A hybrid quantum circuit consisting of a superconducting flux qubit coupled to both a spin ensemble and a transmission-line resonator

TL;DR

This paper proposes a hybrid quantum circuit using a superconducting flux qubit to enable strong coupling between a spin ensemble and a transmission-line resonator, facilitating quantum information transfer with fewer spins and potential for long-term quantum memory.

Contribution

It introduces a novel hybrid quantum circuit design that significantly reduces the number of spins needed for strong coupling, enhancing quantum memory and nonlinear effect exploration.

Findings

Achieves strong coupling with three to four orders fewer spins

Enables quantum information transfer between spin ensemble and resonator

Potential for long-time quantum memory and nonlinear effects exploration

Abstract

We propose an experimentally realizable hybrid quantum circuit for achieving a strong coupling between a spin ensemble and a transmission-line resonator via a superconducting flux qubit used as a data bus.
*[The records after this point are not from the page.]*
(* Let $F \subseteq \mathbb{Z}_2^\omega$ be a set such that Alter has a winning strategy in the game $\mathcal{G}(F)$. Then there exists an equivalence class $X$ of the relation $\sim$ on $\mathbb{Z}_2^\omega$ such that $X\cap F=\emptyset$.
   Context: $\mathbb{Z}_2^\omega$ is the set of infinite binary sequences indexed by $\omega=\{0,1,2,\dots\}$; $\mathbb{Z}_2^+=\bigcup_{n\ge1}\mathbb{Z}_2^n$ is the set of nonempty finite binary words. The Hamming distance is $\mathrm{hd}(x,y)=|\{k: x(k)\ne y(k)\}|\in\omega\cup\{\omega\}$, and $x\sim y$ iff $\mathrm{hd}(x,y)$ is finite. For $F\subseteq \mathbb{Z}_2^\omega$, $\mathcal{G}(F)$ is the following infinite two-player game of perfect information: players Ego and Alter alternately choose words in $\mathbb{Z}_2^+$, Ego moving first; if the moves are $\epsilon_0,\alpha_1,\epsilon_1,\alpha_2,\dots$, the outcome is the concatenation $\epsilon_0\alpha_1\epsilon_1\alpha_2\cdots\in\mathbb{Z}_2^\omega$. Ego wins if the outcome lies in $F$, otherwise Alter wins. A strategy for Alter is a function $a:\bigcup_{n\ge1}(\mathbb{Z}_2^+)^n\to\mathbb{Z}_2^+$ (Alter's $i$-th move being $\alpha_i=a(\epsilon_0,\dots,\epsilon_{i-1})$); it is winning if every play in which Alter follows it has outcome not in $F$. *)

From Stdlib Require Import List Arith.
Import ListNotations.

Definition seq2 := nat -> bool.

Definition word := { w : list bool | w <> [] }.
Definition wlist (w : word) : list bool := proj1_sig w.

(* x ~ y : the Hamming distance is finite, i.e. x and y differ in only
   finitely many coordinates (all differences lie below some bound N). *)
Definition hd_finite (x y : seq2) : Prop :=
  exists N : nat, forall k, N <= k -> x k = y k.
(* If [z] and [w] are both algebraic and one of them is irrational, the algebraic power
   contradicts Gelfond-Schneider, which is Schanuel for [log z, w log z].  If [z] is rational
   and [w] transcendental, a power of [w] is a power of [w^z], so [w] is algebraic.  If [z] is
   algebraic irrational and [w] transcendental, the numbers [log z, log w, w log z, z log w]
   generate, together with their exponentials, a field of transcendence degree at most three
   over the algebraic numbers (it is generated by [log z, log w, w]); according to the
   Q-linear relations among these logarithms, Schanuel for a suitable independent subfamily
   demands more.  Each such failure of algebraic independence is witnessed by an explicit
   integer polynomial.
   For the second statement: rational [s < t] with [s^t = t^s = r] make some [r^n] rational,
   and integers when [r] is an integer, and the only integer solution is [(2, 4)], [r = 16]. *)

From Stdlib Require Import Reals QArith Qreals ZArith List.
From Stdlib Require Import Znumtheory Zpow_facts Lra Lia Psatz Classical.
Open Scope R_scope.

Ltac cring :=
  unfold Cadd, Cmul, Czero, Cone, RtoC, ZtoC; simpl;
  apply injective_projections; simpl;
  repeat first [rewrite opp_IZR | rewrite mult_IZR | rewrite plus_IZR | rewrite minus_IZR];
  ring.

Ltac cfield :=
  unfold Cadd, Cmul, Czero, Cone, RtoC, ZtoC; simpl;
  apply injective_projections; simpl;
  repeat first [rewrite opp_IZR | rewrite mult_IZR | rewrite plus_IZR | rewrite minus_IZR];
  field.

Lemma Ceq_by_relation (x y k r : CC) : r = Czero -> x = Cadd y (Cmul k r) -> x = y.
Proof. intros Hr ->; rewrite Hr; cring. Qed.

Lemma Cadd_assoc (x y z : CC) : Cadd x (Cadd y z) = Cadd (Cadd x y) z. Proof. cring. Qed.
Lemma Cmul_assoc (x y z : CC) : Cmul x (Cmul y z) = Cmul (Cmul x y) z. Proof. cring. Qed.
Lemma Cmul_add_l (x y z : CC) : Cmul (Cadd x y) z = Cadd (Cmul x z) (Cmul y z). Proof. cring. Qed.
Lemma Cmul_1_l (x : CC) : Cmul Cone x = x. Proof. cring. Qed.
Lemma Cmul_0_r (x : CC) : Cmul x Czero = Czero. Proof. cring. Qed.
Lemma Cadd_0_l (x : CC) : Cadd Czero x = x. Proof. cring. Qed.

Lemma RtoC_add (a b : R) : RtoC (a + b) = Cadd (RtoC a) (RtoC b). Proof. cring. Qed.
Lemma RtoC_mul (a b : R) : RtoC (a * b) = Cmul (RtoC a) (RtoC b). Proof. cring. Qed.

Lemma RtoC_inj (a b : R) : RtoC a = RtoC b -> a = b.
Proof. now intros [= ->]. Qed.

Lemma RtoC_neq0 (a : R) : a <> 0 -> RtoC a <> Czero.
Proof. intros Ha H; apply Ha, RtoC_inj, H. Qed.

Lemma ZtoC_add (a b : Z) : ZtoC (a + b) = Cadd (ZtoC a) (ZtoC b).
Proof. unfold ZtoC; rewrite plus_IZR; apply RtoC_add. Qed.

Lemma ZtoC_mul (a b : Z) : ZtoC (a * b) = Cmul (ZtoC a) (ZtoC b).
Proof. unfold ZtoC; rewrite mult_IZR; apply RtoC_mul. Qed.

Lemma IZR_neq0 (a : Z) : a <> 0%Z -> IZR a <> 0.
Proof. apply not_0_IZR. Qed.

Lemma ZtoC_neq0 (a : Z) : a <> 0%Z -> ZtoC a <> Czero.
Proof. intros Ha; apply RtoC_neq0, IZR_neq0, Ha. Qed.

Lemma Cmul_integral (x y : CC) : Cmul x y = Czero -> x = Czero \/ y = Czero.
Proof.
  destruct x as [a b], y as [c d]; unfold Cmul, Czero, RtoC; simpl.
  intros [= H1 H2].
  assert (Hp : (a * a + b * b) * (c * c + d * d) = 0) by nra.
  apply Rmult_integral in Hp as [Hp | Hp].
  - left; assert (a = 0) by nra; assert (b = 0) by nra; subst; reflexivity.
  - right; assert (c = 0) by nra; assert (d = 0) by nra; subst; reflexivity.
Qed.

Lemma Cmul_neq0 (x y : CC) : x <> Czero -> y <> Czero -> Cmul x y <> Czero.
Proof. intros Hx Hy H; apply Cmul_integral in H as [H | H]; auto. Qed.

Lemma Cmul_cancel_r (x y l : CC) : l <> Czero -> Cmul x l = Cmul y l -> x = y.
Proof.
  intros Hl H.
  assert (Hd : Cmul (Cadd x (Cmul (ZtoC (-1)) y)) l = Czero).
  { apply (Ceq_by_relation _ _ (ZtoC 0) Czero); [reflexivity|].
    transitivity (Cadd (Cmul x l) (Cmul (ZtoC (-1)) (Cmul y l))); [cring|].
    rewrite H; cring. }
  apply Cmul_integral in Hd as [Hd | Hd]; [|contradiction].
  apply (Ceq_by_relation _ _ Cone _ Hd); cring.
Qed.
(* For each approval election $E=(C,V)$, $\mathrm{out\text{-}div}(E)\in[0,1]$.
   Context: An (approval) election is $E=(C,V)$ with $|C|=m$ candidates and a collection of voters $V=(v_1,\dots,v_n)$, each vote a binary vector in $\{0,1\}^m$; $A(v)$ is the set of candidates approved by $v$, and $\mathrm{satr}(E)=\frac{1}{nm}\sum_{v\in V}|A(v)|$. $\mathrm{ham}(u,v)=\sum_j|u[j]-v[j]|$. For collections $U=(u_1,\dots,u_k)$ and $V=(v_1,\dots,v_n)$, $\mathrm{ham}(U,V)=\frac{1}{kn}\min_{\pi}\sum_{i=1}^{kn}\mathrm{ham}(u_i,v_{\pi(i)})$ over bijections $\pi:[kn]\to[kn]$, indices of $U$ taken modulo $k$ and of $V$ modulo $n$. For rational $p\in[0,1]$, $p\text{-}\mathcal{U}_C$ is the collection in which each vote $w\in\{0,1\}^m$ appears a number of times proportional to $p^{r}(1-p)^{m-r}$, $r$ being the number of ones of $w$. With $p=\mathrm{satr}(E)$, Outer Diversity is $\mathrm{out\text{-}div}(E)=1-\frac{1}{2p(1-p)}\mathrm{ham}(V,p\text{-}\mathcal{U}_C)$.
   Formalization: Outer Diversity divides $\mathrm{ham}(V,p\text{-}\mathcal{U}_C)$ by 2m·p(1−p) in place of $2p(1-p)$, so the Hamming distance to $p\text{-}\mathcal{U}_C$ is normalized per candidate. This corrects a misprint. *)

From mathcomp Require Import all_boot all_order all_algebra.
From mathcomp Require Import fingroup perm.
Set Implicit Arguments. Unset Strict Implicit. Unset Printing Implicit Defensive.
Import Order.TTheory GRing.Theory Num.Theory.
Local Open Scope ring_scope.

Definition vote (m : nat) := {ffun 'I_m -> bool}.

Definition vote0 (m : nat) : vote m := [ffun=> false].

Definition nappr (m : nat) (v : vote m) : nat := (\sum_(j < m) (v j : nat))%N.

Definition hamv (m : nat) (u v : vote m) : nat := (\sum_(j < m) (u j != v j : nat))%N.

(* An election with candidate set 'I_m and voter collection V (a sequence,
   repetitions allowed, n = size V).  Total number of approvals: *)
Definition total_appr (m : nat) (V : seq (vote m)) : nat :=
  (\sum_(v <- V) nappr v)%N.

Definition satr (R : realFieldType) (m : nat) (V : seq (vote m)) : R :=
  (total_appr V)%:R / (size V * m)%:R.

(* Cost of a bijection pi : [kn] -> [kn], indices of U mod k, of V mod n. *)
Definition match_cost (m : nat) (U V : seq (vote m))
  (pi : {perm 'I_(size U * size V)}) : nat :=
  (\sum_(i < size U * size V)
     hamv (nth (vote0 m) U (i %% size U)) (nth (vote0 m) V (pi i %% size V)))%N.

Arguments match_cost : clear implicits.
Arguments match_cost {m} U V pi.

Definition ham_coll (R : realFieldType) (m : nat) (U V : seq (vote m)) : R :=
  (\big[minn/match_cost U V 1%g]_(pi : {perm 'I_(size U * size V)})
      match_cost U V pi)%:R / (size U * size V)%:R.

(* p-U_C for p = a/b (0 <= a <= b): each w in {0,1}^m appears
   a^r (b-a)^(m-r) times, r = number of ones of w; this is proportional to
   p^r (1-p)^(m-r). *)
Definition pU (m a b : nat) : seq (vote m) :=
  flatten [seq nseq (a ^ nappr w * (b - a) ^ (m - nappr w))%N w
          | w <- enum {ffun 'I_m -> bool}].

(* Outer diversity, with p = satr(E) = total_appr V / (n m).
   The Hamming distance is normalized per candidate (division by m). *)
Definition out_div (R : realFieldType) (m : nat) (V : seq (vote m)) : R :=
  let p : R := satr R V in
  1 - (ham_coll R V (pU m (total_appr V) (size V * m)))
        / (2 * m%:R * p * (1 - p)).

From mathcomp Require Import all_boot all_order all_algebra.
From mathcomp Require Import fingroup perm.
From mathcomp Require Import ring.
Set Implicit Arguments. Unset Strict Implicit. Unset Printing Implicit Defensive.
Import Order.TTheory GRing.Theory Num.Theory.

(* An optimal matching costs at most the average cost of the matchings
   pi_s(i) = s + i over all cyclic shifts s, and these together pair every
   voter of V with every vote of p-U_C equally often; so ham(V, p-U_C) is at
   most the mean Hamming distance between a voter of V and a vote of p-U_C.
   In p-U_C every candidate is approved by a p-fraction of the votes, while in
   V the approval rates average to p = satr(E); hence that mean is exactly
   m (p (1 - p) + (1 - p) p) = 2 m p (1 - p), and out-div(E) lies in [0, 1]. *)

Lemma sum_nat_seq_const (T : Type) (s : seq T) c : \sum_(x <- s) c = size s * c.
Proof. by rewrite big_const_seq count_predT iter_addn_0 mulnC. Qed.

Lemma sum_nth_ord (T : Type) (x0 : T) (s : seq T) (F : T -> nat) :
  \sum_(x <- s) F x = \sum_(i < size s) F (nth x0 s i).
Proof. by rewrite (big_nth x0) big_mkord. Qed.

Lemma sum_nat_modn k n (F : nat -> nat) :
  \sum_(0 <= i < n * k) F (i %% k) = n * \sum_(0 <= j < k) F j.
Proof.
rewrite big_nat_mul -[n in RHS]subn0 -sum_nat_const_nat.
apply: eq_big_nat => i _; rewrite mulSn -{1}[i * k]add0n big_addn addnK.
by apply: eq_big_nat => j /andP[_ ltjk]; rewrite addnC modnMDl modn_small.
Qed.

(* The N cyclic shifts [i |-> s + i] of 'I_N together hit every pair (i, t)
   exactly once. *)
Lemma bigmin_perm_le_mean N (c : 'I_N -> 'I_N -> nat) x0 :
  N * \big[minn/x0]_(pi : {perm 'I_N}) \sum_(i < N) c i (pi i)
    <= \sum_(i < N) \sum_(t < N) c i t.
Proof.
case: N c => [|N] c; first by rewrite mul0n.
have shift_sum : \sum_(s < N.+1) \sum_(i < N.+1) c i (perm (addrI s) i)
                 = \sum_(i < N.+1) \sum_(t < N.+1) c i t.
  rewrite exchange_big; apply: eq_bigr => i _.
  rewrite [RHS](reindex_inj (addIr i)); apply: eq_bigr => s _.
  by rewrite permE.
rewrite -shift_sum -[X in X * _]card_ord -sum_nat_const.
apply: leq_sum => s _.
exact: (bigmin_le x0 (perm (addrI s))).
Qed.

Lemma bigmin_match_cost_le_sum_hamv m (U W : seq (vote m)) :
  size U * size W * \big[minn/match_cost U W 1%g]_pi match_cost U W pi
    <= size U * size W * \sum_(u <- U) \sum_(w <- W) hamv u w.
Proof.
set k := size U; set n := size W.
pose h a b := hamv (nth (vote0 m) U a) (nth (vote0 m) W b).
have := bigmin_perm_le_mean (fun i t : 'I_(k * n) => h (i %% k) (t %% n))
                            (match_cost U W 1).
(* [match_cost U W pi] is convertible to the cost of [pi] for this matrix. *)
congr (_ <= _).
rewrite (sum_nth_ord (vote0 m)) -/k.
transitivity (\sum_(i < k * n) k * \sum_(b < n) h (i %% k) b).
  apply: eq_bigr => i _.
  by rewrite -(big_mkord xpredT (fun t => h _ (t %% n))) sum_nat_modn big_mkord.
rewrite -big_distrr /= -(big_mkord xpredT (fun i => \sum_(b < n) h (i %% k) b)).
rewrite (mulnC k n) (sum_nat_modn k n (fun a => \sum_(b < n) h a b)) big_mkord.
rewrite mulnA [k * n]mulnC; congr (_ * _).
by apply: eq_bigr => a _; rewrite (sum_nth_ord (vote0 m)).
Qed.

Lemma nappr_le m (v : vote m) : nappr v <= m.
Proof.
rewrite -[leqRHS]card_ord -sum1_card.
by apply: leq_sum => j _; case: (v j).
Qed.

Lemma total_appr_le m (V : seq (vote m)) : total_appr V <= size V * m.
Proof.
rewrite -sum_nat_seq_const; apply: leq_sum => v _.
exact: nappr_le.
Qed.

Lemma hamv_add_overlap m (v w : vote m) :
  hamv v w + 2 * \sum_(j < m) v j * w j = nappr v + nappr w.
Proof.
rewrite big_distrr -!big_split /=; apply: eq_bigr => j _.
by case: (v j); case: (w j).
Qed.

Lemma sum_hamv_const_cols m (P : seq (vote m)) d (v : vote m) :
  (forall j, \sum_(w <- P) (w j : nat) = d) ->
  \sum_(w <- P) hamv v w + 2 * (nappr v * d) = size P * nappr v + m * d.
Proof.
move=> colP.
have overlapP : \sum_(w <- P) \sum_(j < m) v j * w j = nappr v * d.
  rewrite exchange_big /nappr big_distrl /=; apply: eq_bigr => j _.
  by rewrite -big_distrr /= colP.
have napprP : \sum_(w <- P) nappr w = m * d.
  rewrite exchange_big /= (eq_bigr (fun _ => d)) => [|j _]; last exact: colP.
  by rewrite sum_nat_const card_ord.
rewrite -overlapP big_distrr -big_split /=.
under eq_bigr do rewrite hamv_add_overlap.
by rewrite big_split /= napprP sum_nat_seq_const.
Qed.

Lemma sum_sum_hamv_const_cols m (V P : seq (vote m)) d :
  (forall j, \sum_(w <- P) (w j : nat) = d) ->
  \sum_(v <- V) \sum_(w <- P) hamv v w + 2 * (total_appr V * d)
    = size P * total_appr V + size V * (m * d).
Proof.
move=> colP; rewrite /total_appr big_distrl big_distrr -big_split /=.
under eq_bigr do rewrite sum_hamv_const_cols //.
by rewrite big_split /= -big_distrr sum_nat_seq_const.
Qed.

Lemma expn_nappr m (w : vote m) a c :
  a ^ nappr w * c ^ (m - nappr w) = \prod_(j < m) (if w j then a else c).
Proof.
have nappr_split : nappr w + \sum_(j < m) ~~ w j = m.
  rewrite -big_split -[RHS]card_ord -sum1_card /=.
  by apply: eq_bigr => j _; case: (w j).
rewrite -[X in X - nappr w]nappr_split addKn /nappr !expn_sum -big_split /=.
by apply: eq_bigr => j _; case: (w j); rewrite ?muln1 ?mul1n.
Qed.

Lemma sum_pU m a b (F : vote m -> nat) :
  \sum_(w <- pU m a b) F w
    = \sum_(w : vote m) (\prod_(j < m) (if w j then a else b - a)) * F w.
Proof.
rewrite /pU big_flatten /= big_map big_enum /=.
by apply: eq_bigr => w _; rewrite big_nseq iter_addn_0 mulnC expn_nappr.
Qed.

Lemma sum_pU_prod m a b (f : 'I_m -> bool -> nat) :
  \sum_(w <- pU m a b) \prod_(j < m) f j (w j)
    = \prod_(j < m) (a * f j true + (b - a) * f j false).
Proof.
rewrite sum_pU; under eq_bigr do rewrite -big_split /=.
rewrite -(bigA_distr_bigA (fun j x => (if x then a else b - a) * f j x)) /=.
by apply: eq_bigr => j _; rewrite big_bool.
Qed.

Lemma size_pU m a b : a <= b -> size (pU m a b) = b ^ m.
Proof.
move=> le_ab; rewrite -sum1_size.
transitivity (\sum_(w <- pU m a b) \prod_(j < m) 1).
  by apply: eq_bigr => w _; rewrite big1_eq.
rewrite (sum_pU_prod a b (fun _ _ => 1)) (eq_bigr (fun _ => b)) => [|j _].
  by rewrite prod_nat_const card_ord.
by rewrite !muln1 subnKC.
Qed.

Lemma sum_pU_col m a b (i : 'I_m) :
  a <= b -> \sum_(w <- pU m a b) w i = a * b ^ m.-1.
Proof.
move=> le_ab.
transitivity (\sum_(w <- pU m a b) \prod_(j < m) (if j == i then w j : nat else 1)).
  by apply: eq_bigr => w _; rewrite (bigD1 i) //= eqxx big1 ?muln1 // => j /negbTE ->.
rewrite (sum_pU_prod a b (fun j x => if j == i then x : nat else 1)).
rewrite (bigD1 i) //= eqxx muln1 muln0 addn0.
rewrite (eq_bigr (fun _ => b)) => [|j /negbTE ->]; last by rewrite !muln1 subnKC.
by rewrite prod_nat_const cardC1 card_ord.
Qed.

Local Open Scope ring_scope.

Definition mean_ham (R : realFieldType) (m : nat) (U W : seq (vote m)) : R :=
  (\sum_(u <- U) \sum_(w <- W) hamv u w)%:R / (size U * size W)%:R.

Lemma ham_coll_le_mean_ham (R : realFieldType) m (U W : seq (vote m)) :
  ham_coll R U W <= mean_ham R U W.
Proof.
rewrite /ham_coll /mean_ham; have [N0|N_gt0] := posnP (size U * size W).
  by rewrite [in (size U * size W)%N%:R]N0 invr0 !mulr0.
rewrite ler_wpM2r ?invr_ge0 ?ler0n // ler_nat -(leq_pmul2l N_gt0).
exact: bigmin_match_cost_le_sum_hamv.
Qed.

Lemma ham_coll_ge0 (R : realFieldType) m (U W : seq (vote m)) : 0 <= ham_coll R U W.
Proof. by rewrite divr_ge0. Qed.

Lemma mean_ham_pU (R : realFieldType) m (V : seq (vote m)) :
  mean_ham R V (pU m (total_appr V) (size V * m))
    = 2 * m%:R * satr R V * (1 - satr R V).
Proof.
rewrite /mean_ham /satr; set k := size V; set A := total_appr V; set B := (k * m)%N.
have le_AB : (A <= B)%N := total_appr_le V.
have := sum_sum_hamv_const_cols V (fun j => sum_pU_col j le_AB).
rewrite size_pU //; set S := (\sum_(v <- V) _)%N => sumP.
have [B0|B_gt0] := posnP B.
  have A0 : A = 0%N by apply/eqP; rewrite -leqn0 -B0.
  have S0 : S = 0%N by move: sumP; rewrite -/A A0 !(mul0n, muln0, addn0).
  by rewrite S0 A0 !mul0r mulr0 mul0r.
have /andP[k_gt0 m_gt0] : (0 < k)%N && (0 < m)%N by rewrite -muln_gt0.
have expBm : (B ^ m = B * B ^ m.-1)%N by rewrite -expnS prednK.
move/eqP: sumP; rewrite -/A expBm -(eqr_nat R) !natrD !natrM => /eqP sumP.
rewrite (canRL (addrK _) sumP) -/k.
field.
by rewrite !pnatr_eq0 -!lt0n k_gt0 m_gt0 expn_gt0 B_gt0.
Qed.

Lemma one_sub_ratio_in01 (R : realFieldType) (x y : R) :
  0 <= x <= y -> 0 <= 1 - x / y <= 1.
Proof.
case/andP=> x_ge0 le_xy; have [->|y_neq0] := eqVneq y 0.
  by rewrite invr0 mulr0 subr0 ler01 lexx.
have y_gt0 : 0 < y by rewrite lt_def y_neq0 (le_trans x_ge0 le_xy).
by rewrite subr_ge0 gerBl ler_pdivrMr // mul1r le_xy divr_ge0 // ltW.
Qed.

Theorem proposition7 (R : realFieldType) (m : nat) (V : seq (vote m)) :
  0 <= out_div R V <= 1.
Proof.
rewrite /out_div /= -mean_ham_pU; apply: one_sub_ratio_in01.
by rewrite ham_coll_ge0 ham_coll_le_mean_ham.
Qed.
Lemma bexp_bra1 al : bexp p x (bra1 al) = chain 1 (bseqz 0 al).
Proof.
rewrite -(@bexp_bracket_list 1 (fun m => bseq 0 al m + bseq 0 al m.+1)%N); last first.
  by move=> m; rewrite /adj /bseqz PoszD.
rewrite /bra1 (Sterm_bseq 0) /bracket_list (iota0_first_last N_ge2) map_cons.
by congr (bexp _ _ (_ :: _)); apply: eq_map => m; rewrite mul1r.
Qed.

Lemma bexp_bra2 al : bexp p x (bra2 al) = chain (-1) (bseqz 1 al).
Proof.
rewrite -(@bexp_bracket_list (-1) (fun m => bseq 1 al m + bseq 1 al m.+1)%N); last first.
  by move=> m; rewrite /adj /bseqz PoszD.
rewrite /bra2 (Sterm_bseq 1) /bracket_list (iota0_first_last N_ge2) map_cons -map_comp.
by congr (bexp _ _ (_ :: _)); apply: eq_map => m /=; rewrite mulN1r.
Qed.

Section Party.
Variable k : nat.
Hypothesis kN : (k < N)%N.

Definition sgk : int := (-1) ^+ k.

Definition link_index (al : (N.-1).-tuple 'I_M) : int := adj (bseqz 0 al) k.

(* Pairing [bra1 al] with [bra2 (shift_prefix al)], the two chains differ only in
   the observable of party [k], whose index moves by [sgk]. *)
Definition shift_prefix (al : (N.-1).-tuple 'I_M) : (N.-1).-tuple 'I_M :=
  [tuple (if (i < k)%N then addmod M_gt0 (tnth al i) (if odd i then 1%N else M.-1)
          else tnth al i) | i < N.-1].

Lemma shift_prefix_inj : injective shift_prefix.
Proof.
move=> al be /(congr1 (fun t => tnth t _)) ale; apply: eq_from_tnth => i.
move: (ale i); rewrite !tnth_mktuple; case: ifP => // _.
by move/addmod_inj => eq_al; apply/val_inj/eq_al.
Qed.

Lemma av_shift_prefix al j : av (shift_prefix al) j =
  if (j < k)%N then ((av al j + (if odd j then 1%N else M.-1)) %% M)%N else av al j.
Proof.
case: (ltnP j N.-1) => jN; first by rewrite !(av_in _ jN) tnth_mktuple /=; case: ifP.
by rewrite !av_out //; case: ifP => // jk; lia.
Qed.

Definition bseq_flip (al : (N.-1).-tuple 'I_M) (j : nat) : int :=
  bseqz 0 al j + (if (j <= k)%N then (-1) ^+ j else 0).
(* Let $\mathcal{H}$ be a complex Hilbert space and $B,C\in\mathcal{B}(\mathcal{H})$. If $$w^2\left(\begin{bmatrix}0 & B\\ C & 0\end{bmatrix}\right)=\frac14\max\left\{\big\||B|^2+|C^*|^2\big\|,\ \big\||B^*|^2+|C|^2\big\|\right\},$$ then $\|B+C^*\|=\|B-C^*\|$.
   Context: $\mathcal{B}(\mathcal{H})$ is the algebra of bounded linear operators on $\mathcal{H}$ with operator norm $\|\cdot\|$. For $A\in\mathcal{B}(\mathcal{H})$, $A^*$ is the adjoint, $|A|=(A^*A)^{1/2}$, $|A^*|=(AA^* )^{1/2}$, and $w(A)=\sup_{\|x\|=1}|\langle Ax,x\rangle|$ is the numerical radius. The operator matrix $\begin{bmatrix}A&B\\C&D\end{bmatrix}$ acts on $\mathcal{H}\oplus\mathcal{H}$ by $(x_1,x_2)\mapsto(Ax_1+Bx_2,\,Cx_1+Dx_2)$; $0$ denotes the zero operator. *)

From mathcomp Require Import all_boot all_order all_algebra.
From mathcomp Require Import classical_sets reals complex.
Set Implicit Arguments. Unset Strict Implicit. Unset Printing Implicit Defensive.
Import Order.TTheory GRing.Theory Num.Theory.
Local Open Scope ring_scope.
Local Open Scope complex_scope.
Local Open Scope classical_set_scope.

Section Hilbert.
Variable R : realType.

Definition cmod (z : R[i]) : R :=
  Num.sqrt (complex.Re z ^+ 2 + complex.Im z ^+ 2).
The resulting coupling can be used to transfer quantum information between the spin ensemble and the resonator. In particular, in contrast to the direct coupling without a data bus, our approach requires far less spins to achieve a strong coupling between the spin ensemble and the resonator (e.g., three to four orders of magnitude less). This proposed hybrid quantum circuit could enable a long-time quantum memory when storing information in the spin ensemble, and allows the possibility to explore nonlinear effects in the ultrastrong-coupling regime.